**Exercise goal:**
Please write out word for word the opening lines of the material, including the line with "Definition sgen (n" as the last.

↓↓↓

(* Let $\Delta$ be a thick building of type $\mathsf{A}_n$ and let $\theta$ be a domestic collineation of $\Delta$. If there exists a simplex of type $\{i,n-i+1\}$ mapped to an opposite simplex by $\theta$, then there exists a simplex of type $\{j,n-j+1\mid 1\leq j\leq i\}$ mapped to an opposite simplex by $\theta$.
   Context: Types of $\mathsf{A}_n$ are $1,\ldots,n$ along the path Coxeter graph. A collineation is a type-preserving automorphism. Simplices $\alpha,\beta$ are opposite if every chamber containing either is opposite (at maximal gallery distance from) some chamber containing the other. $\theta$ is domestic if no chamber is mapped to an opposite chamber. *)

(* Buildings of type A_n as W-metric buildings
   (Abramenko--Brown, Def. 5.1) with Weyl group W = 'S_(n+1) and
   generators the adjacent transpositions s_1,...,s_n. *)
From mathcomp Require Import all_boot all_order all_fingroup.
Set Implicit Arguments. Unset Strict Implicit. Unset Printing Implicit Defensive.
Local Open Scope group_scope.

Definition sgen (n k : nat) : 'S_n.+1 := tperm (inord k.-1) (inord k).

Definition is_gen (n k : nat) : bool := (1 <= k <= n)%N.

Definition word_len (n : nat) (w : 'S_n.+1) (m : nat) : Prop :=
  (exists ks : seq nat, size ks = m /\ all (is_gen n) ks /\
      \prod_(k <- ks) sgen n k = w) /\
  (forall ks : seq nat, all (is_gen n) ks -> \prod_(k <- ks) sgen n k = w ->
      (m <= size ks)%N).

Definition w0 (n : nat) : 'S_n.+1 := perm (@rev_ord_inj n.+1).

Definition is_building (n : nat) (C : Type) (delta : C -> C -> 'S_n.+1) : Prop :=
  inhabited C /\
  (forall x y, delta x y = 1 <-> x = y) /\
  (forall x y x' k, is_gen n k -> delta x' x = sgen n k ->
      (delta x' y = sgen n k * delta x y \/ delta x' y = delta x y) /\
      (forall m, word_len (delta x y) m -> word_len (sgen n k * delta x y) m.+1 ->
          delta x' y = sgen n k * delta x y)) /\
  (forall x y k, is_gen n k -> exists x',
      delta x' x = sgen n k /\ delta x' y = sgen n k * delta x y).

(* thick: every panel contains at least three chambers *)
Definition thick (n : nat) (C : Type) (delta : C -> C -> 'S_n.+1) : Prop :=
  forall x k, is_gen n k -> exists y z,
    y <> z /\ delta x y = sgen n k /\ delta x z = sgen n k.

Definition opp_ch (n : nat) (C : Type) (delta : C -> C -> 'S_n.+1) (x y : C) :=
  delta x y = w0 n.

Definition Wpar (n : nat) (K : pred nat) : {group 'S_n.+1} :=
  <<[set sgen n k | k : 'I_n.+1 & (0 < (k : nat))%N && K k]>>%G.

(* a simplex of type J (J a set of types in {1..n}) is the set of chambers
   containing it, i.e. a residue of type {1..n} \ J *)
Definition is_simplex (n : nat) (C : Type) (delta : C -> C -> 'S_n.+1)
    (J : pred nat) (A : C -> Prop) : Prop :=
  exists c, A c /\ forall d, A d <-> delta c d \in Wpar n (fun k => k \notin J).

Definition opp_simplex (n : nat) (C : Type) (delta : C -> C -> 'S_n.+1)
    (A B : C -> Prop) : Prop :=
  (forall x, A x -> exists y, B y /\ opp_ch delta x y) /\
  (forall y, B y -> exists x, A x /\ opp_ch delta y x).

(* type-preserving automorphism *)
Definition collineation (n : nat) (C : Type) (delta : C -> C -> 'S_n.+1)
    (theta : C -> C) : Prop :=
  bijective theta /\ forall x y, delta (theta x) (theta y) = delta x y.

Definition domestic (n : nat) (C : Type) (delta : C -> C -> 'S_n.+1)
    (theta : C -> C) : Prop :=
  forall x, ~ opp_ch delta x (theta x).

Definition img (C : Type) (theta : C -> C) (A : C -> Prop) : C -> Prop :=
  fun y => exists x, A x /\ y = theta x.

Definition type_pair (n i : nat) : pred nat :=
  fun k => (k == i) || (k == n.+1 - i)%N.

Definition type_upto (n i : nat) : pred nat :=
  fun k => has (fun j => (k == j) || (k == n.+1 - j)%N) (iota 1 i).

(* Lengths in the Weyl group 'S_(n+1) are inversion numbers.  Let c be a chamber
   of A.  Since A is opposite θA, w0·δ(c,θc) lies in the parabolic subgroup of
   cotype {i, n+1-i}, which preserves the blocks [0,i), [i,n+1-i) and [n+1-i,n]
   of positions.  Thickness lets us move from c, inside its residue of type
   {1,...,i-1}, to a chamber b from which every s_k with k < i is a descent of
   both δ(b,θc) and δ(b,θ⁻¹c) (maximise the sum of the two lengths).  Together
   with the block structure these descents force δ(b,θb)·w0 to fix the first and
   the last i positions, i.e. to lie in the parabolic subgroup of cotype
   {1..i, n+1-i..n}; hence the residue of b of that cotype is opposite its
   image. *)

From Pilot Require Import Defs.
From mathcomp Require Import all_boot all_order all_fingroup.
From mathcomp Require Import zify.
Set Implicit Arguments. Unset Strict Implicit. Unset Printing Implicit Defensive.

Local Notation Wpair n i := (Wpar n (fun k => k \notin type_pair n i)).
Local Notation Wlt n i := (Wpar n (gtn i)).
Local Notation Wupto n i := (Wpar n (fun k => k \notin type_upto n i)).

Section Coxeter.
Variable n : nat.
Local Open Scope group_scope.
Local Notation s := (sgen n).

Definition ninv (w : 'S_n.+1) : nat :=
  \sum_(pq : 'I_n.+1 * 'I_n.+1) ((pq.1 < pq.2)%N && (w pq.2 < w pq.1)%N).

(* Permutations compose left to right, so [descent w k] says that [s k * w] is
   shorter than [w] (see [ninv_sgenM_desc]). *)
Definition descent (w : 'S_n.+1) (k : nat) : bool := (w (inord k) < w (inord k.-1))%N.

Definition wprod (ks : seq nat) : 'S_n.+1 := \prod_(k <- ks) s k.

Lemma mem_iota_gen k : (k \in iota 1 n) = is_gen n k.
Proof. by rewrite mem_iota /is_gen add1n ltnS. Qed.

Lemma sgen_ends k : is_gen n k ->
  ((inord k.-1 : 'I_n.+1) : nat) = k.-1 /\ ((inord k : 'I_n.+1) : nat) = k.
Proof. by case/andP=> k1 kn; split; rewrite inordK //; lia. Qed.

Lemma sgenK k : s k * s k = 1.
Proof. exact: tperm2. Qed.

Lemma sgenE k (p : 'I_n.+1) : is_gen n k ->
  (s k p : nat) = if p == k.-1 :> nat then k else if p == k :> nat then k.-1 else p.
Proof.
move=> hk; have [ea eb] := sgen_ends hk.
rewrite /sgen; case: tpermP => [->|->|/eqP pa /eqP pb]; rewrite ?ea ?eb ?eqxx //.
  by case/andP: hk => k1 _; rewrite ifN //; lia.
by rewrite -!(inj_eq val_inj) /= ea eb in pa pb; rewrite (negbTE pa) (negbTE pb).
Qed.

Lemma sgen_fix k (p : 'I_n.+1) : is_gen n k -> (p != k.-1 :> nat) -> (p != k :> nat) ->
  s k p = p.
Proof. by move=> hk pa pb; apply: val_inj; rewrite /= sgenE // (negbTE pa) (negbTE pb). Qed.

Lemma sgen_ltE k m (p : 'I_n.+1) : is_gen n k -> k != m -> (s k p < m)%N = (p < m)%N.
Proof.
move=> hk km; rewrite sgenE //; case/andP: hk => k1 kn.
by case: (eqVneq (p : nat) k.-1) => e1; case: (eqVneq (p : nat) k) => e2 /=; lia.
Qed.

Lemma sgen_ltE_pair k (pq : 'I_n.+1 * 'I_n.+1) : is_gen n k ->
  pq != (inord k.-1, inord k) -> pq != (inord k, inord k.-1) ->
  (s k pq.1 < s k pq.2)%N = (pq.1 < pq.2)%N.
Proof.
case: pq => p q hk; have [ea eb] := sgen_ends hk; case/andP: hk => k1 kn.
rewrite !xpair_eqE -!(inj_eq val_inj) /= ea eb !sgenE /is_gen ?k1 //.
by case: (eqVneq (p : nat) k.-1) => e1; case: (eqVneq (p : nat) k) => e2;
  case: (eqVneq (q : nat) k.-1) => e3; case: (eqVneq (q : nat) k) => e4 /=; lia.
Qed.

Lemma sgen_ends_neq k (w : 'S_n.+1) : is_gen n k ->
  (w (inord k.-1) : nat) != w (inord k).
Proof.
move=> hk; have [ea eb] := sgen_ends hk; rewrite (inj_eq val_inj) (inj_eq perm_inj).
by rewrite -(inj_eq val_inj) /= ea eb; case/andP: hk; lia.
Qed.

(* Reindex the inversions of [s k * w] through [s k]: only the pair of positions
   [(k.-1, k)] changes status. *)
Lemma ninv_sgenM k (w : 'S_n.+1) : is_gen n k ->
  (ninv (s k * w) + descent w k = ninv w + (w (inord k.-1) < w (inord k)))%N.
Proof.
move=> hk; have [ea eb] := sgen_ends hk.
set a : 'I_n.+1 := inord k.-1; set b : 'I_n.+1 := inord k.
have ab : a != b by rewrite -(inj_eq val_inj) /= ea eb; case/andP: hk; lia.
have sinj : injective (fun pq : 'I_n.+1 * 'I_n.+1 => (s k pq.1, s k pq.2)).
  by move=> [p q] [p' q'] /= [] /perm_inj -> /perm_inj ->.
rewrite /ninv (reindex_inj sinj) /=.
have sK x : s k (s k x) = x by rewrite /sgen tpermK.
have sa : s k a = b by rewrite /sgen tpermL.
have sb : s k b = a by rewrite /sgen tpermR.
under eq_bigr do rewrite !permM !sK.
rewrite (bigD1 (a, b)) //= (bigD1 (b, a)) /=; last by rewrite xpair_eqE (negbTE ab) andbF.
rewrite [in RHS](bigD1 (a, b)) //= [in RHS](bigD1 (b, a)) /=;
  last by rewrite xpair_eqE (negbTE ab) andbF.
under eq_bigr => pq /andP [nab nba] do rewrite sgen_ltE_pair //.
rewrite sa sb ea eb /descent -/a -/b; case/andP: hk => k1 kn.
have -> : (k < k.-1)%N = false by lia.
have -> : (k.-1 < k)%N = true by lia.
rewrite /=; set S := \sum_(_ | _) _; move: (w a < w b) (w b < w a) => x y; lia.
Qed.

Lemma ninv_sgenM_desc k (w : 'S_n.+1) : is_gen n k -> descent w k ->
  (ninv (s k * w)).+1 = ninv w.
Proof.
move=> hk hd; have := ninv_sgenM w hk; rewrite hd.
by move: hd; rewrite /descent; lia.
Qed.

Lemma ninv_sgenM_asc k (w : 'S_n.+1) : is_gen n k -> ~~ descent w k ->
  ninv (s k * w) = (ninv w).+1.
Proof.
move=> hk hd; have := ninv_sgenM w hk; have := sgen_ends_neq w hk.
by rewrite (negbTE hd); move: hd; rewrite /descent; lia.
Qed.

Lemma descent_sgenM k (w : 'S_n.+1) : is_gen n k -> descent (s k * w) k = ~~ descent w k.
Proof.
move=> hk; have [ea eb] := sgen_ends hk; have := sgen_ends_neq w hk.
have sa : s k (inord k.-1) = inord k by rewrite /sgen tpermL.
have sb : s k (inord k) = inord k.-1 by rewrite /sgen tpermR.
by rewrite /descent !permM sa sb; lia.
Qed.

Lemma ninv_sgenM_le k (w : 'S_n.+1) : is_gen n k -> (ninv (s k * w) <= (ninv w).+1)%N.
Proof.
move=> hk; case: (boolP (descent w k)) => hd; last by rewrite (ninv_sgenM_asc hk hd).
by rewrite -(ninv_sgenM_desc hk hd) ltnW.
Qed.

Lemma incr_endo_id (f : nat -> nat) lo hi :
  (forall p, (lo <= p <= hi)%N -> (lo <= f p <= hi)%N) ->
  (forall p, (lo < p <= hi)%N -> (f p.-1 < f p)%N) ->
  forall p, (lo <= p <= hi)%N -> f p = p.
Proof.
move=> endo incr.
have ge d : (lo + d <= hi)%N -> (lo + d <= f (lo + d))%N.
  elim: d => [|d IH] h; first by have := endo (lo + 0); lia.
  by have := incr (lo + d.+1); have := IH ltac:(lia); rewrite addnS /=; lia.
have le d : (lo + d <= hi)%N -> (f (hi - d) <= hi - d)%N.
  elim: d => [|d IH] h; first by have := endo (hi - 0); lia.
  have := incr (hi - d); have := IH ltac:(lia).
  have -> : (hi - d).-1 = hi - d.+1 by lia.
  lia.
move=> p hp; have := ge (p - lo) ltac:(lia); have := le (hi - p) ltac:(lia).
by rewrite subKn ?subnKC; lia.
Qed.

Lemma perm_fix_block (w : 'S_n.+1) lo hi : (hi <= n)%N ->
  (forall p : 'I_n.+1, (lo <= p <= hi)%N -> (lo <= w p <= hi)%N) ->
  (forall k, (lo < k <= hi)%N -> ~~ descent w k) ->
  forall p : 'I_n.+1, (lo <= p <= hi)%N -> w p = p.
Proof.
move=> hin endo asc p hp; apply: val_inj => /=.
have := @incr_endo_id (fun q => w (inord q)) lo hi _ _ p hp; rewrite inord_val; apply.
  by move=> q hq; have := endo (inord q); rewrite inordK //; lia.
move=> k hk; have gk : is_gen n k by rewrite /is_gen; lia.
by have := asc k hk; have := sgen_ends_neq w gk; rewrite /descent; lia.
Qed.

Lemma exists_descent (w : 'S_n.+1) : w != 1 -> exists2 k, is_gen n k & descent w k.
Proof.
move=> w1; case: (boolP (has (descent w) (iota 1 n))).
  by case/hasP=> k; rewrite mem_iota_gen; exists k.
move/hasPn=> asc; case/eqP: w1; apply/permP => p; rewrite perm1.
apply: (perm_fix_block (lo := 0) (hi := n)) => //.
- by move=> q _; have := ltn_ord (w q); lia.
- by move=> k hk; apply: asc; rewrite mem_iota_gen /is_gen; lia.
- by have := ltn_ord p; lia.
Qed.

Lemma ninv1 : ninv 1 = 0.
Proof. by rewrite /ninv big1 // => pq _; rewrite !perm1; case: ltngtP. Qed.

Lemma ninv_eq0 (w : 'S_n.+1) : ninv w = 0 -> w = 1.
Proof.
move=> h0; apply/eqP; apply: contraLR isT => /exists_descent [k hk hd].
by have := ninv_sgenM_desc hk hd; rewrite h0.
Qed.

Lemma descent_ind (P : 'S_n.+1 -> Prop) : P 1 ->
  (forall w k, is_gen n k -> descent w k -> P (s k * w) -> P w) -> forall w, P w.
Proof.
move=> P1 Pstep w; move: {2}(ninv w) (erefl (ninv w)) => m.
elim: m w => [|m IH] w hm; first by rewrite (ninv_eq0 hm).
have [|k hk hd] := exists_descent (w := w).
  by apply: contra_eqN hm => /eqP ->; rewrite ninv1.
by apply: (Pstep w k hk hd); apply: IH; have := ninv_sgenM_desc hk hd; rewrite hm => -[].
Qed.

Lemma wprod_cons k ks : wprod (k :: ks) = s k * wprod ks.
Proof. by rewrite /wprod big_cons. Qed.

Lemma wprod_rcons ks k : wprod (rcons ks k) = wprod ks * s k.
Proof. by rewrite /wprod big_rcons. Qed.

Lemma wprod_rev ks : wprod (rev ks) = (wprod ks)^-1.
Proof.
elim: ks => [|k ks IH]; first by rewrite /wprod big_nil invg1.
by rewrite rev_cons wprod_rcons IH wprod_cons invMg tpermV.
Qed.

Lemma reduced_word (w : 'S_n.+1) :
  exists ks, [/\ all (is_gen n) ks, size ks = ninv w & wprod ks = w].
Proof.
elim/descent_ind: w => [|w k hk hd [ks [gks sks eks]]].
  by exists [::]; rewrite ninv1 /wprod big_nil.
exists (k :: ks); rewrite /= hk gks sks (ninv_sgenM_desc hk hd).
by rewrite wprod_cons eks mulgA sgenK mul1g.
Qed.

Lemma ninv_wprod_le ks : all (is_gen n) ks -> (ninv (wprod ks) <= size ks)%N.
Proof.
elim: ks => [|k ks IH] /=; first by rewrite /wprod big_nil ninv1.
by case/andP=> hk /IH h; rewrite wprod_cons; have := ninv_sgenM_le (wprod ks) hk; lia.
Qed.

Lemma word_len_ninv (w : 'S_n.+1) : word_len w (ninv w).
Proof.
split; first by have [ks [gks sks eks]] := reduced_word w; exists ks.
by move=> ks gks <-; apply: ninv_wprod_le.
Qed.

Lemma ninvV (w : 'S_n.+1) : ninv w^-1 = ninv w.
Proof.
suff le v : (ninv v^-1 <= ninv v)%N by apply/eqP; rewrite eqn_leq le -{1}[w]invgK le.
have [ks [gks <- <-]] := reduced_word v.
by rewrite -wprod_rev -size_rev ninv_wprod_le // all_rev.
Qed.

Lemma ninv_bound (w : 'S_n.+1) : (ninv w <= n.+1 * n.+1)%N.
Proof.
have <- : #|{: 'I_n.+1 * 'I_n.+1}| = (n.+1 * n.+1)%N by rewrite card_prod card_ord.
by rewrite -sum1_card; apply: leq_sum => pq _; case: (_ && _).
Qed.

End Coxeter.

↑↑↑

**Output for this exercise:**
(* Let $\Delta$ be a thick building of type $\mathsf{A}_n$ and let $\theta$ be a domestic collineation of $\Delta$. If there exists a simplex of type $\{i,n-i+1\}$ mapped to an opposite simplex by $\theta$, then there exists a simplex of type $\{j,n-j+1\mid 1\leq j\leq i\}$ mapped to an opposite simplex by $\theta$.
   Context: Types of $\mathsf{A}_n$ are $1,\ldots,n$ along the path Coxeter graph. A collineation is a type-preserving automorphism. Simplices $\alpha,\beta$ are opposite if every chamber containing either is opposite (at maximal gallery distance from) some chamber containing the other. $\theta$ is domestic if no chamber is mapped to an opposite chamber. *)

(* Buildings of type A_n as W-metric buildings
   (Abramenko--Brown, Def. 5.1) with Weyl group W = 'S_(n+1) and
   generators the adjacent transpositions s_1,...,s_n. *)
From mathcomp Require Import all_boot all_order all_fingroup.
Set Implicit Arguments. Unset Strict Implicit. Unset Printing Implicit Defensive.
Local Open Scope group_scope.

Definition sgen (n k : nat) : 'S_n.+1 := tperm (inord k.-1) (inord k).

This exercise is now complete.